Task item: From the entries below, transcribe exactly the lines between the line holding "Lemma catalan_succ_conv n" and the line holding "split=> [[Q ->]", inclusive; skip all other lines.

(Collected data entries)
◇ ◇ ◇

(* Let $p,q,s,u,v,w,t$ be parameters and let $(a_n)_{n\ge0}$ be defined by $a_0=1$, $a_1=p$, $a_2=q$, $a_3=s$ and, for $n\ge4$, $$a_n=u\,a_{n-1}+v\,a_{n-2}+w\,a_{n-3}+t\sum_{k=1}^{n-4}a_ka_{n-k-3}.$$ Let $N(x)=1+(p-u)x-(v+pu-q)x^2-(w-s-t+qu+pv)x^3$ and $D(x)=1-ux-vx^2-(w-2t)x^3$. Then the generating function $\sum_{n\ge0}a_nx^n$ equals $$\left(\frac{N(x)}{D(x)},\ \frac{tx^3N(x)}{D(x)^2}\right)\cdot c(x)=\frac{N(x)}{D(x)}\,c\!\left(\frac{tx^3N(x)}{D(x)^2}\right).$$
   Context: $c(x)=\frac{1-\sqrt{1-4x}}{2x}$ is the generating function of the Catalan numbers. For power series $g(x)$ with $g(0)\neq0$ and $f(x)$ with $f(0)=0$, the Riordan array $(g,f)$ acts on a power series $h(x)$ by $(g,f)\cdot h(x)=g(x)h(f(x))$. *)

From HB Require Import structures.
From mathcomp Require Import all_boot all_order all_algebra.
Set Implicit Arguments. Unset Strict Implicit. Unset Printing Implicit Defensive.
Import Order.TTheory GRing.Theory Num.Theory.
Local Open Scope ring_scope.

Definition fps (R : Type) := nat -> R.

Section FPS.
Variable R : comRingType.

Definition fps_mul (f g : fps R) : fps R :=
  fun n => \sum_(i < n.+1) f i * g (n - i)%N.

Definition fps_one : fps R := fun n => if n == 0%N then 1 else 0.

Fixpoint fps_pow (f : fps R) (k : nat) : fps R :=
  if k is k'.+1 then fps_mul f (fps_pow f k') else fps_one.

(* Composition h(f(x)), meaningful when f 0 = 0 (then f^k has order >= k,
   so only k <= n contribute to the n-th coefficient). *)
Definition fps_comp (h f : fps R) : fps R :=
  fun n => \sum_(k < n.+1) h k * fps_pow f k n.

(* Multiplicative inverse of a series with constant term 1:
   1/f = sum_k (1 - f)^k. *)
Definition fps_inv1 (f : fps R) : fps R :=
  fps_comp (fun _ => 1) (fun n => fps_one n - f n).

Definition poly_fps (P : {poly R}) : fps R := fun n => P`_n.

Definition riordan_act (g f h : fps R) : fps R := fps_mul g (fps_comp h f).
End FPS.

Definition catalan (n : nat) : nat := 'C(n.*2, n) %/ n.+1.

(* c(x) = (1 - sqrt(1-4x))/(2x) = sum_n C_n x^n *)
Definition catalan_gf (R : comRingType) : fps R := fun n => (catalan n)%:R.

From mathcomp Require Import all_boot all_order all_algebra.
From mathcomp Require Import zify ring.
Import GRing.Theory.

(* Both sides are power series solutions [Y] of [D Y = N + t x^3 Y^2] with
   constant term 1, and such a solution is unique: two solutions [X], [Y]
   satisfy [(X - Y) (D - t x^3 (X + Y)) = 0], and the second factor is
   invertible.  For the sequence this equation is the recurrence itself, the
   extra [2 t] in [D] accounting for the two terms [a_0 a_(n-3)] and
   [a_(n-3) a_0] of the full convolution that the recurrence omits.  For the
   Riordan image it follows from [c = 1 + x c^2] with [x := t x^3 N / D^2].
   Everything is checked coefficientwise, on polynomial truncations modulo
   [x^m]. *)

Lemma catalan_mul_succ n : catalan n * n.+1 = 'C(n.*2, n).
Proof.
have succ_dvd : n.+1 %| 'C(n.*2, n).
  apply/dvdnP; exists ('C(n.*2, n) - 'C(n.*2, n.+1)).
  have := mul_bin_left n.*2 n; have -> : (n.*2 - n = n)%N by lia.
  nia.
by rewrite /catalan divnK.
Qed.

Lemma mul_bin_center n : n.+1 * 'C((n.+1).*2, n.+1) = (4 * n + 2) * 'C(n.*2, n).
Proof.
have := mul_bin_diag (n.+1).*2 n; have := mul_bin_down (n.*2).+1 n.
have -> : ((n.+1).*2.-1 = (n.*2).+1)%N by lia.
have -> : ((n.*2).+1 - n = n.+1)%N by lia.
rewrite /=; nia.
Qed.

Lemma catalan_succ n : catalan n.+1 * n.+2 = catalan n * (4 * n + 2).
Proof.
apply/eqP; rewrite -(eqn_pmul2l (ltn0Sn n)); apply/eqP.
have := catalan_mul_succ n.+1; have := catalan_mul_succ n; have := mul_bin_center n.
nia.
Qed.

Definition catalan_conv n := \sum_(i < n.+1) catalan i * catalan (n - i).

Lemma catalan_conv_weighted n :
  2 * \sum_(i < n.+1) i * (catalan i * catalan (n - i)) = n * catalan_conv n.
Proof.
have reflect_sum : \sum_(i < n.+1) i * (catalan i * catalan (n - i))
    = \sum_(i < n.+1) (n - i) * (catalan i * catalan (n - i)).
  rewrite (reindex_inj rev_ord_inj) /=; apply: eq_bigr => i _.
  have ltin := ltn_ord i; rewrite subSS subKn //; lia.
rewrite mul2n -addnn {2}reflect_sum -big_split big_distrr /=.
by apply: eq_bigr => i _; rewrite -mulnDl subnKC // -ltnS.
Qed.

(* Both sides equal [2 * \sum_(i < n.+2) i.+1 * (catalan i * catalan (n.+1 - i))]:
   the left one by symmetry, the right one by [catalan_succ]. *)
Lemma catalan_conv_succ n :
  n.+3 * catalan_conv n.+1 = 2 * catalan n.+1 + 4 * n.+1 * catalan_conv n.
Proof.
have shifted : \sum_(i < n.+2) i.+1 * (catalan i * catalan (n.+1 - i))
    = catalan n.+1 + \sum_(i < n.+1) (4 * i + 2) * (catalan i * catalan (n - i)).
  rewrite big_ord_recl /= subn0; congr (_ + _).
    by rewrite mul1n (_ : catalan 0 = 1) // mul1n.
  apply: eq_bigr => i _; rewrite /bump /= add1n subSS mulnA [i.+2 * _]mulnC.
  by rewrite catalan_succ [catalan i * _]mulnC mulnA.
have split_succ : \sum_(i < n.+2) i.+1 * (catalan i * catalan (n.+1 - i))
    = \sum_(i < n.+2) i * (catalan i * catalan (n.+1 - i)) + catalan_conv n.+1.
  by rewrite -big_split; apply: eq_bigr => i _; rewrite mulSn addnC.
have split_affine : \sum_(i < n.+1) (4 * i + 2) * (catalan i * catalan (n - i))
    = 4 * \sum_(i < n.+1) i * (catalan i * catalan (n - i)) + 2 * catalan_conv n.
  rewrite !big_distrr -big_split; apply: eq_bigr => i _.
  by rewrite mulnDl -[4 * i * _]mulnA.
have := catalan_conv_weighted n.+1; have := catalan_conv_weighted n.
lia.
Qed.

Lemma catalan_succ_conv n : catalan n.+1 = catalan_conv n.
Proof.
elim: n => [|n IHn]; first by rewrite /catalan_conv big_ord1.
apply/eqP; rewrite -(eqn_pmul2l (ltn0Sn n.+2)) catalan_conv_succ -IHn.
by rewrite mulnC catalan_succ; apply/eqP; lia.
Qed.

Local Open Scope ring_scope.

Section TruncatedSeries.
Set Implicit Arguments. Unset Strict Implicit.
Variable R : comNzRingType.
Implicit Types (P Q F : {poly R}) (f g h : fps R).

Definition dvdXn m P := exists Q, P = 'X^m * Q.

Lemma dvdXnP m P : dvdXn m P <-> forall i, (i < m)%N -> P`_i = 0.
Proof.
split=> [[Q ->] i lt_im | P_low]; first by rewrite coefXnM lt_im.
exists (drop_poly m P); rewrite -{1}(poly_take_drop m P) mulrC.
suff -> : take_poly m P = 0 by rewrite add0r.
by apply/polyP => i; rewrite coef_take_poly coef0; case: ifP => // /P_low.
Qed.

Lemma dvdX_coef0 P : P`_0 = 0 -> dvdXn 1 P.
Proof. by move=> P0; apply/dvdXnP => -[]. Qed.

Lemma dvdXnD m P Q : dvdXn m P -> dvdXn m Q -> dvdXn m (P + Q).
Proof. by move=> [A ->] [B ->]; exists (A + B); rewrite mulrDr. Qed.

Lemma dvdXnN m P : dvdXn m P -> dvdXn m (- P).
Proof. by move=> [A ->]; exists (- A); rewrite mulrN. Qed.

Lemma dvdXnB m P Q : dvdXn m P -> dvdXn m Q -> dvdXn m (P - Q).
Proof. by move=> dP dQ; apply/dvdXnD/dvdXnN. Qed.

Lemma dvdXnMl m P Q : dvdXn m P -> dvdXn m (Q * P).
Proof. by move=> [A ->]; exists (Q * A); rewrite mulrCA. Qed.

Lemma dvdXnMr m P Q : dvdXn m P -> dvdXn m (P * Q).
Proof. by rewrite mulrC; apply: dvdXnMl. Qed.

Lemma dvdXnM m n P Q : dvdXn m P -> dvdXn n Q -> dvdXn (m + n) (P * Q).
Proof. by move=> [A ->] [B ->]; exists (A * B); rewrite exprD; ring. Qed.

Lemma dvdXnX k P : dvdXn 1 P -> dvdXn k (P ^+ k).
Proof.
move=> dP; elim: k => [|k IHk]; first by exists 1; rewrite !expr0 mulr1.
by rewrite exprS -add1n; apply: dvdXnM.
Qed.

Lemma dvdXn_comp m P F : dvdXn m P -> dvdXn 1 F -> dvdXn m (P \Po F).
Proof.
move=> [A ->] dF; rewrite comp_polyM rmorphXn /= comp_polyX.
exact/dvdXnMr/dvdXnX.
Qed.

Definition inv_trunc m P := \sum_(k < m) (1 - P) ^+ k.

(* Geometric series: [P * inv_trunc m P = 1 - (1 - P) ^+ m]. *)
Lemma dvdXn_mul_inv_trunc m P : P`_0 = 1 -> dvdXn m (P * inv_trunc m P - 1).
Proof.
move=> P0; have geom := subrX1 (1 - P) m.
have -> : P * inv_trunc m P - 1 = - (1 - P) ^+ m.
  transitivity (- ((1 - P - 1) * inv_trunc m P) - 1); first by ring.
  by rewrite -geom; ring.
apply/dvdXnN/dvdXnX/dvdX_coef0.
by rewrite coefB coef1 P0 subrr.
Qed.

Definition agree m f P := forall i, (i < m)%N -> f i = P`_i.

Lemma agree_poly m P : agree m (poly_fps P) P.
Proof. by []. Qed.

Lemma agree_one m : agree m (fps_one R) 1.
Proof. by move=> [|i] _; rewrite /fps_one coef1. Qed.

Lemma agree_mul m f g P Q :
  agree m f P -> agree m g Q -> agree m (fps_mul f g) (P * Q).
Proof.
move=> fP gQ i lt_im; rewrite /fps_mul coefM; apply: eq_bigr => j _.
have le_ji : (j <= i)%N by rewrite -ltnS.
by rewrite fP ?gQ //; lia.
Qed.

Lemma agree_pow m f P k : agree m f P -> agree m (fps_pow f k) (P ^+ k).
Proof.
move=> fP; elim: k => [|k IHk] /=; first exact: agree_one.
by rewrite exprS; apply: agree_mul.
Qed.

(* As [P`_0 = 0], the powers [P ^+ k] with [m <= k] vanish below degree [m]. *)
Lemma agree_comp m h f P : agree m f P -> P`_0 = 0 ->
  agree m (fps_comp h f) (\sum_(k < m) h k *: P ^+ k).
Proof.
move=> fP P0 i lt_im; rewrite /fps_comp coef_sum.
rewrite (big_ord_widen m (fun k => h k * fps_pow f k i)) // big_mkcond /=.
apply: eq_bigr => k _; rewrite coefZ; case: ifP => le_ki.
  by rewrite (agree_pow k fP).
have /dvdXnP -> // := dvdXnX k (dvdX_coef0 P0); first by rewrite mulr0.
by rewrite ltnNge -ltnS le_ki.
Qed.

Lemma agree_inv1 m f P : agree m f P -> P`_0 = 1 ->
  agree m (fps_inv1 f) (inv_trunc m P).
Proof.
move=> fP P0 i lt_im; rewrite /fps_inv1 /inv_trunc.
rewrite (@agree_comp m _ _ (1 - P)) //; last by rewrite coefB coef1 P0 subrr.
- by under eq_bigr do rewrite scale1r.
- by move=> j lt_jm; rewrite coefB -fP // -(agree_one lt_jm).
Qed.

Lemma agree_riordan_act m g f h G F :
  agree m g G -> agree m f F -> F`_0 = 0 ->
  agree m (riordan_act g f h) (G * \sum_(k < m) h k *: F ^+ k).
Proof. by move=> gG fF F0; apply/agree_mul/agree_comp. Qed.

End TruncatedSeries.

Section QuadraticCongruence.
Set Implicit Arguments. Unset Strict Implicit.
Variable R : comNzRingType.
Implicit Types (D N T F X Y : {poly R}).

Definition solves_quadratic m D N T Y := dvdXn m (D * Y - N - T * Y ^+ 2).

(* [(X - Y) * (D - T * (X + Y))] is the difference of the two residues, and
   [D - T * (X + Y)] is invertible modulo ['X^m]. *)
Lemma solves_quadratic_unique m D N T X Y : D`_0 = 1 -> T`_0 = 0 ->
  solves_quadratic m D N T X -> solves_quadratic m D N T Y -> dvdXn m (X - Y).
Proof.
move=> D0 T0 solX solY; set Z := D - T * (X + Y).
have Z0 : Z`_0 = 1 by rewrite coefB coef0M T0 mul0r subr0.
have -> : X - Y = ((D * X - N - T * X ^+ 2) - (D * Y - N - T * Y ^+ 2))
   * inv_trunc m Z - (X - Y) * (Z * inv_trunc m Z - 1) by rewrite /Z; ring.
by apply/dvdXnB; [apply/dvdXnMr/dvdXnB | apply/dvdXnMl/dvdXn_mul_inv_trunc].
Qed.

Lemma catalan_poly_solves_quadratic m :
  solves_quadratic m 1 1 'X (\poly_(k < m) (catalan k)%:R).
Proof.
apply/dvdXnP => i lt_im; rewrite mul1r !coefB coefXM coef1 coef_poly lt_im.
case: i lt_im => [|i] lt_im /=; first by rewrite subrr subr0.
rewrite subr0 expr2 coefM catalan_succ_conv /catalan_conv natr_sum.
apply/eqP; rewrite subr_eq0; apply/eqP; apply: eq_bigr => j _.
have le_ji : (j <= i)%N by rewrite -ltnS.
by rewrite !coef_poly !ifT ?natrM //; lia.
Qed.

Lemma catalan_solves_quadratic m F : F`_0 = 0 ->
  solves_quadratic m 1 1 F (\sum_(k < m) (catalan k)%:R *: F ^+ k).
Proof.
move=> F0; rewrite /solves_quadratic mul1r.
have <- : \poly_(k < m) (catalan k)%:R \Po F = \sum_(k < m) (catalan k)%:R *: F ^+ k.
  rewrite poly_def linear_sum; apply: eq_bigr => k _.
  by rewrite linearZ /= rmorphXn /= comp_polyX.
have := dvdXn_comp (catalan_poly_solves_quadratic m) (dvdX_coef0 F0).
by rewrite mul1r !rmorphB rmorph1 rmorphM rmorphXn /= comp_polyX.
Qed.

Lemma riordan_solves_quadratic m D N T Di D2i C :
  dvdXn m (D * Di - 1) -> dvdXn m (D ^+ 2 * D2i - 1) ->
  solves_quadratic m 1 1 (T * N * D2i) C ->
  solves_quadratic m D N T (N * Di * C).
Proof.
rewrite /solves_quadratic; set e1 := D * Di - 1; set e2 := D ^+ 2 * D2i - 1.
set e3 := 1 * C - 1 - _; move=> de1 de2 de3.
pose d := Di ^+ 2 - D2i.
(* [Di ^+ 2] and [D2i] both invert [D ^+ 2] modulo ['X^m]. *)
have dd : dvdXn m d.
  have -> : d = D2i * (e1 * (2%:R + e1) - e2) - e2 * d by rewrite /d /e1 /e2; ring.
  by apply/dvdXnB/dvdXnMr => //; apply/dvdXnMl/dvdXnB => //; apply: dvdXnMr.
have -> : D * (N * Di * C) - N - T * (N * Di * C) ^+ 2
   = N * e3 + N * C * e1 - T * N ^+ 2 * C ^+ 2 * d by rewrite /e1 /e3 /d; ring.
by apply/dvdXnB; [apply/dvdXnD; apply: dvdXnMl | apply: dvdXnMl].
Qed.

End QuadraticCongruence.

Section Recurrence.
Set Implicit Arguments. Unset Strict Implicit.
Variables (R : comNzRingType) (p q s u v w t : R) (a : nat -> R).
Hypotheses (a0E : a 0%N = 1) (a1E : a 1%N = p) (a2E : a 2%N = q) (a3E : a 3%N = s).
Hypothesis a_rec : forall n : nat, (4 <= n)%N ->
  a n = u * a n.-1 + v * a (n - 2)%N + w * a (n - 3)%N
        + t * \sum_(1 <= k < n - 3) a k * a (n - k - 3)%N.

Let N : {poly R} := Poly [:: 1; p - u; - (v + p * u - q); - (w - s - t + q * u + p * v)].
Let D : {poly R} := Poly [:: 1; - u; - v; - (w - 2%:R * t)].

Lemma conv_split_ends k : \sum_(j < k.+2) a j * a (k.+1 - j)%N
  = 2%:R * a k.+1 + \sum_(1 <= j < k.+1) a j * a (k.+1 - j)%N.
Proof.
rewrite big_ord_recl big_ord_recr /= subn0 subnn a0E mul1r mulr1 big_add1 big_mkord.
by rewrite mulr2n mulrDl mul1r -addrA addrC.
Qed.

Lemma recurrence_solves_quadratic m :
  solves_quadratic m D N (t *: 'X^3) (\poly_(i < m) a i).
Proof.
have D_monomials : D = 1 - 'X * u%:P - 'X^2 * v%:P - 'X^3 * (w - 2%:R * t)%:P.
  apply/polyP => i; rewrite coef_Poly !coefB coef1 coefXM !coefXnM !coefC.
  by case: i => [|[|[|[|i]]]] /=; rewrite ?subr0 ?sub0r ?nth_nil.
apply/dvdXnP => i lt_im; set A := \poly_(i < m) a i.
have coefA j : (j <= i)%N -> A`_j = a j.
  by move=> le_ji; rewrite coef_poly ifT //; lia.
rewrite D_monomials !mulrBl mul1r -!mulrA -scalerAl.
rewrite !coefB !coefXM !coefCM coefZ coefXnM coef_Poly expr2 coefM.
case: i lt_im coefA => [|[|[|[|k]]]] lt_im coefA /=.
- by rewrite coefA // a0E; ring.
- by rewrite !coefA // a0E a1E; ring.
- by rewrite !coefA // a0E a1E a2E; ring.
- by rewrite big_ord1 !coefA // a0E a1E a2E a3E; ring.
- have sqrA : \sum_(j < k.+2) A`_j * A`_(k.+1 - j) = \sum_(j < k.+2) a j * a (k.+1 - j)%N.
    by apply: eq_bigr => j _; have ltj := ltn_ord j; rewrite !coefA //; lia.
  rewrite nth_nil subr0 (_ : k.+4 - 3 = k.+1)%N // sqrA conv_split_ends.
  rewrite !coefA; [|lia..].
  rewrite (a_rec (isT : 4 <= k.+4)%N) /= (_ : k.+4 - 2 = k.+2)%N // (_ : k.+4 - 3 = k.+1)%N //.
  have -> : \sum_(1 <= j < k.+1) a j * a (k.+4 - j - 3)%N
          = \sum_(1 <= j < k.+1) a j * a (k.+1 - j)%N.
    by apply: eq_bigr => j _; congr (_ * a _); lia.
  ring.
Qed.
End Recurrence.

Theorem mainTheorem7 (R : comRingType) (p q s u v w t : R) (a : nat -> R) :
  a 0%N = 1 -> a 1%N = p -> a 2%N = q -> a 3%N = s ->
  (forall n : nat, (4 <= n)%N ->
     a n = u * a n.-1 + v * a (n - 2)%N + w * a (n - 3)%N
           + t * \sum_(1 <= k < n - 3) a k * a (n - k - 3)%N) ->
  let N : {poly R} := Poly [:: 1; p - u; - (v + p * u - q);
                              - (w - s - t + q * u + p * v)] in
  let D : {poly R} := Poly [:: 1; - u; - v; - (w - 2%:R * t)] in
  let g : fps R := fps_mul (poly_fps N) (fps_inv1 (poly_fps D)) in
  let f : fps R := fps_mul (poly_fps (t *: 'X^3 * N))
                           (fps_inv1 (poly_fps (D ^+ 2))) in
  forall n : nat, a n = riordan_act g f (catalan_gf R) n.
Proof.
move=> a0E a1E a2E a3E a_rec N D g f n; set m := n.+1.
have D0 : D`_0 = 1 by rewrite coef_Poly.
have D20 : (D ^+ 2)`_0 = 1 by rewrite expr2 coef0M D0 mulr1.
have T0 : (t *: 'X^3 : {poly R})`_0 = 0 by rewrite coefZ coefXn mulr0.
set F := t *: 'X^3 * N * inv_trunc m (D ^+ 2).
have F0 : F`_0 = 0 by rewrite !coef0M T0 !mul0r.
set C := \sum_(k < m) (catalan k)%:R *: F ^+ k.
have : dvdXn m (\poly_(i < m) a i - N * inv_trunc m D * C).
  apply: (solves_quadratic_unique D0 T0).
    exact: (recurrence_solves_quadratic a0E a1E a2E a3E a_rec).
  apply: riordan_solves_quadratic; try exact: dvdXn_mul_inv_trunc.
  exact: catalan_solves_quadratic.
move/dvdXnP/(_ n (ltnSn n))/eqP; rewrite coefB coef_poly ltnSn subr_eq0 => /eqP ->.
have agree_g : agree m g (N * inv_trunc m D).
  by apply: agree_mul => //; exact: agree_inv1.
have agree_f : agree m f F by apply: agree_mul => //; exact: agree_inv1.
by rewrite (agree_riordan_act _ agree_g agree_f F0).
Qed.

◇ ◇ ◇

Written answer:
Lemma catalan_succ_conv n : catalan n.+1 = catalan_conv n.
Proof.
elim: n => [|n IHn]; first by rewrite /catalan_conv big_ord1.
apply/eqP; rewrite -(eqn_pmul2l (ltn0Sn n.+2)) catalan_conv_succ -IHn.
by rewrite mulnC catalan_succ; apply/eqP; lia.
Qed.

Local Open Scope ring_scope.

Section TruncatedSeries.
Set Implicit Arguments. Unset Strict Implicit.
Variable R : comNzRingType.
Implicit Types (P Q F : {poly R}) (f g h : fps R).

Definition dvdXn m P := exists Q, P = 'X^m * Q.

Lemma dvdXnP m P : dvdXn m P <-> forall i, (i < m)%N -> P`_i = 0.
Proof.
split=> [[Q ->] i lt_im | P_low]; first by rewrite coefXnM lt_im.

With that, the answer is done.